■ Exercise instructions:
The lines to copy are those with "FourThirdsBound" in them. Pull each one from the entries below.

■ Given entries:
Lemma four_thirds_bottom (x f0 F G o : R) : 0 <= x <= 1 -> 0 <= f0 -> f0 <= F ->
  F - f0 <= G -> o <= f0 + x * G -> o <= F ->
  o <= 4 / 3 * (f0 + (x - x ^+ 2) * G + x ^+ 2 * (F - f0)).
Proof.
move=> /andP[x_ge0 x_le1] f0_ge0 f0_le_F G_ge o_le_mod o_le_F.
have xG_ge0 : 0 <= x * G by apply: mulr_ge0; lra.
have [xG_le|xG_gt] := lerP (x * G) (F - f0).
- have P1 : 0 <= x ^+ 2 * ((F - f0) - x * G) by apply: mulr_ge0; [exact: sqr_ge0|lra].
  have P2 : 0 <= (x - 1 / 2) ^+ 2 * (x * G) by apply: mulr_ge0 => //; exact: sqr_ge0.
  nra.
- have P1 : 0 <= (1 - x) * (x * G - (F - f0)) by apply: mulr_ge0; lra.
  have P2 : 0 <= (x - 1 / 2) ^+ 2 * (F - f0) by apply: mulr_ge0; [exact: sqr_ge0|lra].
  nra.
Qed.

Lemma four_thirds_top (x f0 F D o : R) : 1 / 2 <= x <= 1 -> 0 <= f0 -> 0 <= D ->
  D <= F - f0 -> o <= F - (1 - x) * D ->
  o <= 4 / 3 * (F - (1 - x) ^+ 2 * (F - f0) - x * (1 - x) * D).
Proof.
move=> /andP[x_ge x_le1] f0_ge0 D_ge0 D_le o_le.
have [quarter|quarter] := lerP 0 (4 * x - 3).
- have P1 : 0 <= (1 - x) * (4 * x - 3) * ((F - f0) - D).
    by apply: mulr_ge0; [apply: mulr_ge0|]; lra.
  have P2 : 0 <= x * (F - f0) by apply: mulr_ge0; lra.
  nra.
- have P1 : 0 <= (1 - x) * D * (3 - 4 * x) by apply: mulr_ge0; [apply: mulr_ge0|]; lra.
  have P2 : 0 <= (2 * x - 1) * (3 - 2 * x) * (F - f0).
    by apply: mulr_ge0; [apply: mulr_ge0|]; lra.
  nra.
Qed.

End Arithmetic.

Lemma concave_closure_le_scaled (R : realType) (n : nat) (f : {set 'I_n} -> R)
    (x : 'I_n -> R) (th0 : {set 'I_n} -> R) (c : R) :
  monotone_fn f -> 0 <= c -> feasible_pplus x th0 ->
  (forall th, feasible_plus x th -> objective f th <= c * objective f th0) ->
  concave_closure f x <= c * upper_pairwise_ext f x.
Proof.
move=> f_mono c_ge0 th0_feas le_th0.
apply: (@le_trans _ _ (c * objective f th0)).
  apply: ge_sup; first by exists (objective f th0), th0; case: th0_feas.
  by move=> _ [th [th_feas ->]]; exact: le_th0.
rewrite ler_wpM2l //; apply: sup_upper_bound; last by exists th0.
split; first by exists (objective f th0), th0.
exists (f [set: 'I_n]) => _ [th [[th_feas _] ->]].
exact (objective_le_top th_feas f_mono).
Qed.

Section FourThirdsBound.
Variables (R : realType) (n : nat) (f : {set 'I_n} -> R).
Hypotheses (f_ge0 : nonneg_fn f) (f_mono : monotone_fn f) (f_sub : submodular_fn f).

Lemma four_thirds_small_x (x : R) : 0 <= x <= 1 -> (n%:R - 1) * x <= 1 ->
  concave_closure f (fun _ => x) <= 4 / 3 * upper_pairwise_ext f (fun _ => x).
Proof.
move=> x01 small.
apply: concave_closure_le_scaled f_mono _ (layered_singletons_feasible x01 small) _.
  lra.
move=> th th_feas; rewrite /objective sum_layered.
have G_ge : f [set: 'I_n] - f set0 <= \sum_i (f [set i] - f set0).
  have := submod_le_singletons [set: 'I_n] f_sub.
  under eq_bigl do rewrite inE.
  lra.
set f0 := f set0; set F := f [set: 'I_n].
set G := \sum_i (f [set i] - f0).
have -> : (1 - x) * (1 - (n%:R - 1) * x) * f0 + x ^+ 2 * F +
    (x - x ^+ 2) * \sum_k f [set k] = f0 + (x - x ^+ 2) * G + x ^+ 2 * (F - f0).
  by rewrite /G sumrB sumr_const card_ord; ring.
apply: four_thirds_bottom => //.
- exact: f_ge0.
- exact: f_mono (sub0set _).
- by rewrite /G mulr_sumr; exact: (objective_le_modular th_feas f_sub).
- exact: (objective_le_top th_feas f_mono).
Qed.

Lemma four_thirds_large_x (x : R) : 1 / 2 <= x <= 1 -> n%:R - 2 <= (n%:R - 1) * x ->
  concave_closure f (fun _ => x) <= 4 / 3 * upper_pairwise_ext f (fun _ => x).
Proof.
move=> x_half large; have x01 : 0 <= x <= 1 by apply/andP; lra.
apply: concave_closure_le_scaled f_mono _ (layered_cosingletons_feasible x01 large) _.
  lra.
move=> th th_feas; rewrite /objective sum_layered.
set f0 := f set0; set F := f [set: 'I_n].
set D := \sum_i (F - f (~: [set i])).
have sum_compl : \sum_i (f (~: [set i]) - F) = - D.
  by rewrite /D -sumrN; apply: eq_bigr => i _; ring.
have D_le : D <= F - f0.
  have := submod_le_cosingletons set0 f_sub.
  under eq_bigl do rewrite !inE /=.
  rewrite -/f0 -/F sum_compl; lra.
have D_ge0 : 0 <= D.
  by apply: sumr_ge0 => i _; rewrite subr_ge0; exact: f_mono (subsetT _).
have -> : (1 - x) ^+ 2 * f0 + ((n%:R - 1) * x ^+ 2 - (n%:R - 2) * x) * F +
    (x - x ^+ 2) * \sum_k f (~: [set k]) =
    F - (1 - x) ^+ 2 * (F - f0) - x * (1 - x) * D.
  by rewrite /D sumrB sumr_const card_ord; ring.
apply: four_thirds_top => //.
- exact: f_ge0.
- have := objective_le_comodular th_feas f_sub.
  by rewrite -/F -mulr_sumr sum_compl mulrN.
Qed.

End FourThirdsBound.

Theorem mainTheorem13 (R : realType) (n : nat) (f : {set 'I_n} -> R) (x : R) :
  (2 <= n)%N ->
  nonneg_fn f -> monotone_fn f -> submodular_fn f ->
  0 <= x <= 1 ->
  (x <= 1 / (n%:R - 1) \/ (n%:R - 2) / (n%:R - 1) <= x) ->
  let xv := fun _ : 'I_n => x in
  (* f^+(x) / f^++(x) <= 4/3 with 0/0 = 1, written without division *)
  concave_closure f xv <= 4 / 3 * upper_pairwise_ext f xv.
Proof.
move=> n_ge2 f_ge0 f_mono f_sub x01 x_extreme /=.
have n1_gt0 : 0 < n%:R - 1 :> R by rewrite subr_gt0 ltr1n.
rewrite ler_pdivlMr // ler_pdivrMr // ![x * _]mulrC in x_extreme.
have [small|large] := lerP ((n%:R - 1) * x) 1.
  exact: four_thirds_small_x.
case: x_extreme => [small'|large']; first by lra.
by apply: four_thirds_large_x => //; apply/andP; split; nra.
Qed.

■ Your response:
Section FourThirdsBound.
End FourThirdsBound.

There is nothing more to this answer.